4-3. Physical strength analysis of collagen sponge-polymer mesh assembly In order to compare and analyze the physical strength of the collagen sponge-polymer mesh assembly thus manufactured, the tensile strength and the bond strength with the suture used for fixing the human body were measured. As is clear from the tensile strength measurement results shown in FIG. 12, the assembly of the present invention to which the PCL mesh is bonded has a tensile strength about 20 times higher, a tensile modulus about 70 times higher, and an elastic modulus about 10 times higher than that of the plain collagen sponge. Next, a suture was passed through each of the collagen sponge and the collagen sponge-PCL mesh assembly of the present invention, and the bond strength with the suture was analyzed. As a result, it was observed that the strength was significantly increased from about 56.26 KPa to 496.15 KPa compared to the plain collagen sponge.
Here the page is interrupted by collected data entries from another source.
(* Let $\beta:\mathcal{U}^{(1)}\to\mathbb{C}[[X]]$ be a continuous linear map. Then there is a continuous unital algebra homomorphism $\bar\beta:\mathcal{U}\to\mathbb{C}[[X]]$ extending $\beta$.
   Context: Let $S$ be the set of finitely supported sequences $r=(r_1,r_2,\dots)$ of nonnegative integers, $|r|=\sum_i r_i$, $X^r=\prod_iX_i^{r_i}$ in commuting indeterminates. $\mathcal{U}$ is the commutative unital Fréchet algebra of formal power series $f=\sum_{r\in S}\alpha_rX^r$ with $q_m(f)=\sum_r|\alpha_r|m^{|r|}<\infty$ for all $m\in\mathbb{N}$, topologized by the norms $(q_m)$. $\mathcal{U}^{(1)}$ is the closed linear subspace of $\mathcal{U}$ of homogeneous linear series $\sum_{i}\alpha_iX_i$ (with $\sum_i|\alpha_i|<\infty$), with the relative topology. $\mathbb{C}[[X]]$ is the algebra of formal power series in one indeterminate with the Fréchet topology of coordinatewise convergence. *)

From HB Require Import structures.
From mathcomp Require Import all_boot all_order all_algebra.
From mathcomp Require Import all_classical all_reals.
From mathcomp Require Import ereal esum.
From mathcomp.real_closed Require Import complex.
Set Implicit Arguments. Unset Strict Implicit. Unset Printing Implicit Defensive.
Import Order.TTheory GRing.Theory Num.Theory.
Local Open Scope ring_scope.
From these results, it was confirmed that the assembly of the present invention in which the PCL polymer is bonded to the collagen sponge provides a stable fixation function in the human body while dramatically improving the physical properties of the existing collagen sponge.
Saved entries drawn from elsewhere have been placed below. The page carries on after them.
(* With the notation of the context, for every $r\in(0,1)$ and $v=(v_1,v_2)\in\mathbb{R}^2$, $$T^Q\big(\rho(r,0),\rho(r+v_1t,v_2t)\big)=G(r,v)\,t^2+O(t^3)\quad\text{as }t\downarrow0,$$ where $$G(r,v)=\max_{\phi\in[0,2\pi)}\frac{\big(2v_1\cos\phi-(2r-1)v_2\sin\phi\big)^2}{16\big(1+(2r-1)\cos\phi\big)}.$$
   Context: For $r\in[0,1]$ and $\theta\in\mathbb{R}$, $\rho(r,\theta)=\tfrac12[\mathbb{1}+(2r-1)(\sigma_1\sin\theta+\sigma_3\cos\theta)]$, with $\sigma_i$ the Pauli matrices. Let $C^Q=\tfrac12(\mathbb{1}-S)$ with $S$ the swap on $\mathbb{C}^2\otimes\mathbb{C}^2$. Define $T^Q(\rho^A,\rho^B)=\min\operatorname{Tr}(C^Q\rho^{AB})$, the minimum taken over density matrices $\rho^{AB}$ on $\mathbb{C}^2\otimes\mathbb{C}^2$ with marginals $\operatorname{Tr}_B\rho^{AB}=\rho^A$ and $\operatorname{Tr}_A\rho^{AB}=\rho^B$. Known formula (assumed): $T^Q(\rho(s,0),\rho(r,\theta))=\max_{\phi\in[0,2\pi)}\tfrac14\big(\sqrt{1+(2s-1)\cos\phi}-\sqrt{1+(2r-1)\cos(\theta+\phi)}\big)^2$. *)

From HB Require Import structures.
From mathcomp Require Import all_boot all_order all_algebra.
From mathcomp Require Import all_classical all_reals all_analysis.
Set Implicit Arguments. Unset Strict Implicit. Unset Printing Implicit Defensive.
Import Order.TTheory GRing.Theory Num.Theory.
Local Open Scope classical_set_scope.
Local Open Scope ring_scope.

(* T^Q(rho(s,0), rho(r,theta)), given by the known (assumed) formula of the
   context: max over phi in [0, 2 pi) of
   1/4 (sqrt(1+(2s-1)cos phi) - sqrt(1+(2r-1)cos(theta+phi)))^2.
   The max is written as the supremum of the (compact, attained) image. *)
Definition TQ (R : realType) (s r theta : R) : R :=
  sup [set (Num.sqrt (1 + (2 * s - 1) * cos phi)
            - Num.sqrt (1 + (2 * r - 1) * cos (theta + phi))) ^+ 2 / 4
      | phi in `[0, 2 * pi[%classic].

Definition Gfun (R : realType) (r v1 v2 : R) : R :=
  sup [set (2 * v1 * cos phi - (2 * r - 1) * v2 * sin phi) ^+ 2
            / (16 * (1 + (2 * r - 1) * cos phi))
      | phi in `[0, 2 * pi[%classic].

(* For every angle phi put A := 1 + (2r-1) cos phi, which is at least
   1 - |2r-1| > 0, and let B be the same expression for the perturbed state.
   Uniformly in phi, B - A = t g(phi) + O(t^2) with
   g(phi) = 2 v1 cos phi - (2r-1) v2 sin phi, and since
   (sqrt A - sqrt B)^2 = (B - A)^2 / (sqrt A + sqrt B)^2, the function maximised
   in T^Q equals t^2 g^2 / (16 A) + O(t^3) uniformly in phi.  Suprema of
   uniformly close functions are equally close. *)

From HB Require Import structures.
From mathcomp Require Import all_boot all_order all_algebra.
From mathcomp Require Import all_classical all_reals all_analysis.
From mathcomp Require Import ring lra.
Set Implicit Arguments. Unset Strict Implicit. Unset Printing Implicit Defensive.
Import Order.TTheory GRing.Theory Num.Theory.
Local Open Scope classical_set_scope.
Local Open Scope ring_scope.

Section RealBounds.
Variable R : realType.
Implicit Types x : R.

Lemma ler_norm_subr0_deriv (f df : R -> R) (M x : R) :
  (forall y, is_derive y (1 : R) f (df y)) ->
  (forall c, `|c| <= `|x| -> `|df c| <= M) ->
  `|f x - f 0| <= M * `|x|.
Proof.
move=> f_df dfM.
have f_cont (i : interval R) :=
  @derivable_within_continuous R R f i (fun y _ => @ex_derive _ _ _ _ _ _ _ (f_df y)).
have [x0|x0] := leP 0 x.
  have [c + ->] := MVT_segment x0 (fun y _ => f_df y) (f_cont `[0, x]).
  rewrite in_itv /= => /andP[c0 cx].
  rewrite subr0 normrM (ger0_norm x0) ler_wpM2r // dfM //.
  by rewrite (ger0_norm x0) ger0_norm.
have x0' : x <= 0 by exact: ltW.
have [c + fxE] := MVT_segment x0' (fun y _ => f_df y) (f_cont `[x, 0]).
rewrite in_itv /= => /andP[xc c0].
rewrite distrC fxE sub0r normrM normrN (ler0_norm x0') ler_wpM2r ?oppr_ge0 //.
by rewrite dfM // (ler0_norm x0') ler0_norm // lerN2.
Qed.

Lemma ler_norm_sin x : `|sin x| <= `|x|.
Proof.
have := @ler_norm_subr0_deriv sin cos 1 x (fun y => is_derive_sin y).
by rewrite sin0 subr0 mul1r; apply => c _; exact: cos_max.
Qed.

Lemma ler_norm_cosB1 x : `|cos x - 1| <= `|x| ^+ 2.
Proof.
have := @ler_norm_subr0_deriv cos (fun y => - sin y) `|x| x (fun y => is_derive_cos y).
rewrite cos0 -expr2; apply => c cx; rewrite normrN.
exact: le_trans (ler_norm_sin c) cx.
Qed.

Lemma ler_norm_sinB x : `|sin x - x| <= `|x| ^+ 3.
Proof.
have sinB_deriv y : is_derive y (1 : R) (fun y => sin y - y) (cos y - 1).
  exact: is_deriveB.
have := @ler_norm_subr0_deriv _ _ (`|x| ^+ 2) x sinB_deriv.
rewrite sin0 !subr0 -exprSr; apply => c cx.
apply: le_trans (ler_norm_cosB1 c) _.
by rewrite ler_pXn2r // nnegrE.
Qed.

Lemma ler_norm_cosM_sinMB (phi p q : R) :
  `|cos phi * p - sin phi * q| <= `|p| + `|q|.
Proof.
apply: le_trans (ler_normB _ _) _; rewrite !normrM.
by apply: lerD; rewrite ler_piMl // ?cos_max ?sin_max.
Qed.

(* With [w := sqrt B - sqrt A] and [D := B - A = w (sqrt A + sqrt B)], one has
   [(sqrt A - sqrt B)^2 / 4 - L^2 / (16 A) = (D - L - w^2) (2 sqrt A w + L) / (16 A)],
   and [|w| sqrt A <= |D|] controls [w]. *)
Lemma sqr_sqrtB_approx (A B L e d m : R) :
  0 < m -> m <= A -> 0 <= B -> `|B - A - L| <= e -> `|B - A| <= d ->
  `|(Num.sqrt A - Num.sqrt B) ^+ 2 / 4 - L ^+ 2 / (16 * A)|
     <= (e + d ^+ 2 / m) * (2 * d + `|L|) / (16 * m).
Proof.
move=> m_gt0 mA B_ge0 DLe Dd.
have A_gt0 : 0 < A := lt_le_trans m_gt0 mA.
set x := Num.sqrt A; set y := Num.sqrt B; set w := y - x.
have x_ge0 : 0 <= x := sqrtr_ge0 A.
have xx : x ^+ 2 = A by rewrite sqr_sqrtr // ltW.
have yy : y ^+ 2 = B by rewrite sqr_sqrtr.
have diffE : (x - y) ^+ 2 / 4 - L ^+ 2 / (16 * A)
    = ((B - A - L) - w ^+ 2) * (2 * x * w + L) / (16 * A).
  by rewrite -xx -yy /w; field; rewrite gt_eqF // sqrtr_gt0.
have wx_le : `|w| * x <= d.
  apply: le_trans Dd.
  have -> : B - A = w * (y + x) by rewrite -xx -yy /w; ring.
  rewrite normrM (ger0_norm (addr_ge0 (sqrtr_ge0 B) x_ge0)).
  by rewrite ler_wpM2l // lerDr sqrtr_ge0.
have d_ge0 : 0 <= d := le_trans (normr_ge0 _) Dd.
have ww_le : w ^+ 2 <= d ^+ 2 / m.
  rewrite ler_pdivlMr // -(real_normK (num_real w)).
  apply: le_trans (_ : `|w| ^+ 2 * A <= _); first by rewrite ler_wpM2l.
  by rewrite -xx -exprMn ler_pXn2r // nnegrE mulr_ge0.
rewrite diffE normrM normfV normrM (ger0_norm (_ : 0 <= 16 * A)); last first.
  by rewrite mulr_ge0 // ltW.
apply: le_trans (_ : `|B - A - L - w ^+ 2| * `|2 * x * w + L| / (16 * m) <= _).
  by rewrite ler_wpM2l ?mulr_ge0 // lef_pV2 ?posrE ?mulr_gt0 // ler_wpM2l.
apply: ler_wpM2r; first by rewrite invr_ge0 mulr_ge0 // ltW.
apply: ler_pM => //.
  apply: le_trans (ler_normB _ _) _.
  by rewrite lerD // ger0_norm ?sqr_ge0.
apply: le_trans (ler_normD _ _) _; rewrite lerD2r -mulrA normrM normrM.
by rewrite ger0_norm // (ger0_norm x_ge0) ler_wpM2l // mulrC.
Qed.

Lemma sup_image_approx (S : set R) (F H : R -> R) (k e M : R) :
  S !=set0 -> 0 < k -> (forall p, S p -> H p <= M) ->
  (forall p, S p -> `|F p - k * H p| <= e) ->
  `|sup [set F p | p in S] - k * sup [set H p | p in S]| <= e.
Proof.
move=> [p0 Sp0] k_gt0 HM FH.
have F_le p : S p -> F p <= k * H p + e.
  by move=> Sp; move: (FH p Sp); rewrite ler_norml => /andP[]; lra.
have F_ge p : S p -> k * H p - e <= F p.
  by move=> Sp; move: (FH p Sp); rewrite ler_norml => /andP[]; lra.
have supH : has_sup [set H p | p in S].
  by split; [exists (H p0), p0 | exists M => _ [p Sp <-]; exact: HM].
have supF : has_sup [set F p | p in S].
  split; first by exists (F p0), p0.
  exists (k * M + e) => _ [p Sp <-]; apply: le_trans (F_le p Sp) _.
  by rewrite lerD2r ler_wpM2l //; [exact: ltW | exact: HM].
rewrite ler_norml; apply/andP; split.
  suff : sup [set H p | p in S] <= (sup [set F p | p in S] + e) / k.
    by rewrite ler_pdivlMr // => ?; lra.
  apply: ge_sup; first by exists (H p0), p0.
  move=> _ [p Sp <-]; rewrite ler_pdivlMr //.
  have : F p <= sup [set F p | p in S] by apply: sup_upper_bound => //; exists p.
  by have := F_ge p Sp; lra.
suff : sup [set F p | p in S] <= k * sup [set H p | p in S] + e by lra.
apply: ge_sup; first by exists (F p0), p0.
move=> _ [p Sp <-]; apply: le_trans (F_le p Sp) _.
rewrite lerD2r ler_wpM2l //; first exact: ltW.
by apply: sup_upper_bound => //; exists p.
Qed.

End RealBounds.

Section Expansion.
Variables (R : realType) (r v1 v2 : R).
Hypothesis r01 : 0 < r < 1.

Let a := 2 * r - 1.
Let V := `|v1| + `|v2| + 1.
Let m := 1 - `|a|.
Let A phi := 1 + a * cos phi.
Let B t phi := 1 + (2 * (r + v1 * t) - 1) * cos (v2 * t + phi).
Let g phi := 2 * v1 * cos phi - a * v2 * sin phi.

Lemma norm_a_lt1 : `|a| < 1.
Proof. by case/andP: r01 => r0 r1; rewrite ltr_norml /a; apply/andP; split; lra. Qed.

Lemma m_gt0 : 0 < m.
Proof. by have := norm_a_lt1; rewrite /m; lra. Qed.

Lemma V_ge1 : 1 <= V.
Proof. by rewrite /V lerDr addr_ge0. Qed.

Lemma A_ge_m phi : m <= A phi.
Proof.
have : `|a * cos phi| <= `|a| by rewrite normrM ler_piMr ?cos_max.
by rewrite ler_norml /m /A => /andP[]; lra.
Qed.

Lemma norm_g_le phi : `|g phi| <= 3 * V.
Proof.
have -> : g phi = cos phi * (2 * v1) - sin phi * (a * v2) by rewrite /g; ring.
apply: le_trans (ler_norm_cosM_sinMB _ _ _) _.
rewrite !normrM ger0_norm //.
have : `|a| * `|v2| <= `|v2| by rewrite ler_piMl // ltW // norm_a_lt1.
by have := normr_ge0 v1; have := normr_ge0 v2; rewrite /V; lra.
Qed.

Lemma G_integrand_le phi : g phi ^+ 2 / (16 * A phi) <= 9 * V ^+ 2 / (16 * m).
Proof.
have m0 := m_gt0; have Am := A_ge_m phi.
apply: ler_pM; rewrite ?sqr_ge0 ?invr_ge0 ?mulr_ge0 //; try lra.
  rewrite -real_normK ?num_real // (_ : 9 * V ^+ 2 = (3 * V) ^+ 2); last by ring.
  by rewrite ler_pXn2r ?nnegrE ?norm_g_le // mulr_ge0 // (le_trans ler01 V_ge1).
by rewrite lef_pV2 ?posrE ?mulr_gt0 //; lra.
Qed.

Section SmallTime.
Variable t : R.
Hypotheses (t_ge0 : 0 <= t) (Vt_small : 2 * (V * t) <= m).

Lemma Vt_ge0 : 0 <= V * t.
Proof. by rewrite mulr_ge0 // (le_trans ler01 V_ge1). Qed.

Lemma Vt_le1 : V * t <= 1.
Proof. by have := norm_a_lt1; have := normr_ge0 a; move: Vt_small; rewrite /m; lra. Qed.

Lemma norm_v1t_le : `|v1 * t| <= V * t.
Proof.
rewrite normrM (ger0_norm t_ge0) ler_wpM2r //.
by have := normr_ge0 v2; rewrite /V; lra.
Qed.

Lemma norm_v2t_le : `|v2 * t| <= V * t.
Proof.
rewrite normrM (ger0_norm t_ge0) ler_wpM2r //.
by have := normr_ge0 v1; rewrite /V; lra.
Qed.

Lemma B_ge0 phi : 0 <= B t phi.
Proof.
have coef_le : `|2 * (r + v1 * t) - 1| <= `|a| + 2 * (V * t).
  have -> : 2 * (r + v1 * t) - 1 = a + 2 * (v1 * t) by rewrite /a; ring.
  apply: le_trans (ler_normD _ _) _.
  by rewrite lerD2l normrM ger0_norm // ler_wpM2l // norm_v1t_le.
have : `|(2 * (r + v1 * t) - 1) * cos (v2 * t + phi)| <= `|a| + 2 * (V * t).
  by apply: le_trans coef_le; rewrite normrM ler_piMr ?cos_max.
by move: Vt_small; rewrite ler_norml /B /m => ? /andP[]; lra.
Qed.

(* Expand [cos (v2 t + phi)] with [cos (v2 t) = 1 + p] and
   [sin (v2 t) = v2 t + q], where [p = O(t^2)] and [q = O(t^3)]. *)
Lemma B_sub_A_linear phi : `|B t phi - A phi - t * g phi| <= 6 * (V * t) ^+ 2.
Proof.
set s := V * t.
set p := cos (v2 * t) - 1; set q := sin (v2 * t) - v2 * t.
have BAE : B t phi - A phi - t * g phi
    = a * (cos phi * p - sin phi * q)
      + 2 * (v1 * t) * (cos phi * p - sin phi * sin (v2 * t)).
  by rewrite /B /A /g cosD /p /q /a; ring.
have s0 : 0 <= s := Vt_ge0; have s1 : s <= 1 := Vt_le1.
have p_le : `|p| <= s ^+ 2.
  by apply: le_trans (ler_norm_cosB1 _) _; rewrite ler_pXn2r ?nnegrE ?norm_v2t_le.
have q_le : `|q| <= s ^+ 2.
  apply: le_trans (ler_norm_sinB _) _; apply: le_trans (_ : s ^+ 3 <= _).
    by rewrite ler_pXn2r ?nnegrE ?norm_v2t_le.
  by rewrite exprSr ler_piMr ?exprn_ge0.
have sin_le : `|sin (v2 * t)| <= s := le_trans (ler_norm_sin _) norm_v2t_le.
have v1t_le : `|v1 * t| <= s := norm_v1t_le.
have a_le1 : `|a| <= 1 := ltW norm_a_lt1.
have X1 := ler_norm_cosM_sinMB phi p q.
have X2 := ler_norm_cosM_sinMB phi p (sin (v2 * t)).
rewrite BAE; apply: le_trans (ler_normD _ _) _.
rewrite (normrM a) (normrM (2 * _)) (normrM 2) (ger0_norm (_ : (0 : R) <= 2)) //.
have e1 : `|a| * `|cos phi * p - sin phi * q| <= 2 * s ^+ 2.
  by rewrite -[2 * _]mul1r; apply: ler_pM => //; lra.
have e2 : `|v1 * t| * `|cos phi * p - sin phi * sin (v2 * t)| <= s * (2 * s).
  by apply: ler_pM => //; nra.
by lra.
Qed.

Lemma B_sub_A phi : `|B t phi - A phi| <= 9 * (V * t).
Proof.
have -> : B t phi - A phi = (B t phi - A phi - t * g phi) + t * g phi by ring.
apply: le_trans (ler_normD _ _) _.
have e1 : 6 * (V * t) ^+ 2 <= 6 * (V * t).
  by rewrite ler_wpM2l // expr2 ler_piMr ?Vt_ge0 ?Vt_le1.
have e2 : `|t * g phi| <= 3 * (V * t).
  by rewrite normrM (ger0_norm t_ge0) mulrC mulrA ler_wpM2r ?norm_g_le.
by have := B_sub_A_linear phi; lra.
Qed.

Lemma TQ_integrand_approx phi :
  `|(Num.sqrt (A phi) - Num.sqrt (B t phi)) ^+ 2 / 4
    - t ^+ 2 * (g phi ^+ 2 / (16 * A phi))|
    <= (6 + 81 / m) * 21 / (16 * m) * (V * t) ^+ 3.
Proof.
have m0 := m_gt0.
have -> : t ^+ 2 * (g phi ^+ 2 / (16 * A phi)) = (t * g phi) ^+ 2 / (16 * A phi).
  by rewrite exprMn mulrA.
apply: le_trans (sqr_sqrtB_approx m0 (A_ge_m phi) (B_ge0 phi)
  (B_sub_A_linear phi) (B_sub_A phi)) _.
set s := V * t; have s0 : 0 <= s := Vt_ge0.
have tg_le : `|t * g phi| <= 3 * s.
  by rewrite normrM (ger0_norm t_ge0) mulrC mulrA ler_wpM2r ?norm_g_le.
have K0 : 0 <= (6 + 81 / m) / (16 * m).
  by rewrite divr_ge0 ?addr_ge0 ?divr_ge0 ?mulr_ge0 // ltW.
have -> : (6 * s ^+ 2 + (9 * s) ^+ 2 / m) * (2 * (9 * s) + `|t * g phi|) / (16 * m)
    = (6 + 81 / m) / (16 * m) * s ^+ 2 * (18 * s + `|t * g phi|).
  by field; rewrite gt_eqF.
have -> : (6 + 81 / m) * 21 / (16 * m) * s ^+ 3
    = (6 + 81 / m) / (16 * m) * s ^+ 2 * (21 * s).
  by field; rewrite gt_eqF.
by rewrite ler_wpM2l ?(mulr_ge0 K0 (sqr_ge0 s)) //; lra.
Qed.

End SmallTime.
End Expansion.

Theorem lemmaA1 (R : realType) (r v1 v2 : R) :
  0 < r < 1 ->
  exists C : R, exists delta : R, 0 < delta /\
    forall t : R, 0 < t < delta ->
      `| TQ r (r + v1 * t) (v2 * t) - Gfun r v1 v2 * t ^+ 2 | <= C * t ^+ 3.
Proof.
move=> r01; pose V := `|v1| + `|v2| + 1; pose m := 1 - `|2 * r - 1|.
have m0 : 0 < m := m_gt0 r01.
have V0 : 0 < V := lt_le_trans ltr01 (V_ge1 v1 v2).
exists ((6 + 81 / m) * 21 / (16 * m) * V ^+ 3), (m / (2 * V)); split.
  by rewrite divr_gt0 ?mulr_gt0.
move=> t /andP[t0]; rewrite ltr_pdivlMr ?mulr_gt0 // => t_small.
have Vt_small : 2 * (V * t) <= m by rewrite mulrA mulrC ltW.
rewrite /TQ /Gfun [X in _ - X]mulrC.
apply: (sup_image_approx (M := 9 * V ^+ 2 / (16 * m))).
- by exists 0; rewrite /= in_itv /= lexx mulr_gt0 // pi_gt0.
- exact: exprn_gt0.
- by move=> phi _; exact: G_integrand_le.
- move=> phi _; rewrite -[X in _ <= X]mulrA -exprMn.
  exact: (@TQ_integrand_approx R r v1 v2 r01 t (ltW t0) Vt_small phi).
Qed.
Although certain parts of the present invention have been described in detail above, it is clear to those skilled in the art that such specific descriptions are merely preferred embodiments and therefore do not limit the scope of the present invention. Therefore, the substantial scope of the present invention is defined by the appended claims and their equivalents.

Claims (4)

A method for producing a double-structured porous scaffold, comprising embossing a biocompatible polymer into a mesh shape on a surface of a collagen sponge ,
Here, the embossing is performed by outputting the polymer into a mesh shape on the surface of the collagen sponge using a 3D printer . 2. The method of claim 1 , wherein the polymer is selected from the group consisting of polycaprolactone (PCL), poly(L-lactic acid) (PLLA), poly(glycolic acid) (PGA), poly(lactic acid-co-glycolic acid) (PLGA), poly(L-lactic acid-co-ε-caprolactone) (LCL), and combinations thereof. The method of claim 2 , wherein the polymer is polycaprolactone (PCL). The method of claim 1, wherein the mesh shape includes strands each having a diameter of 0.3-0.5 mm and a spacing between the strands of 0.1-0.3 mm.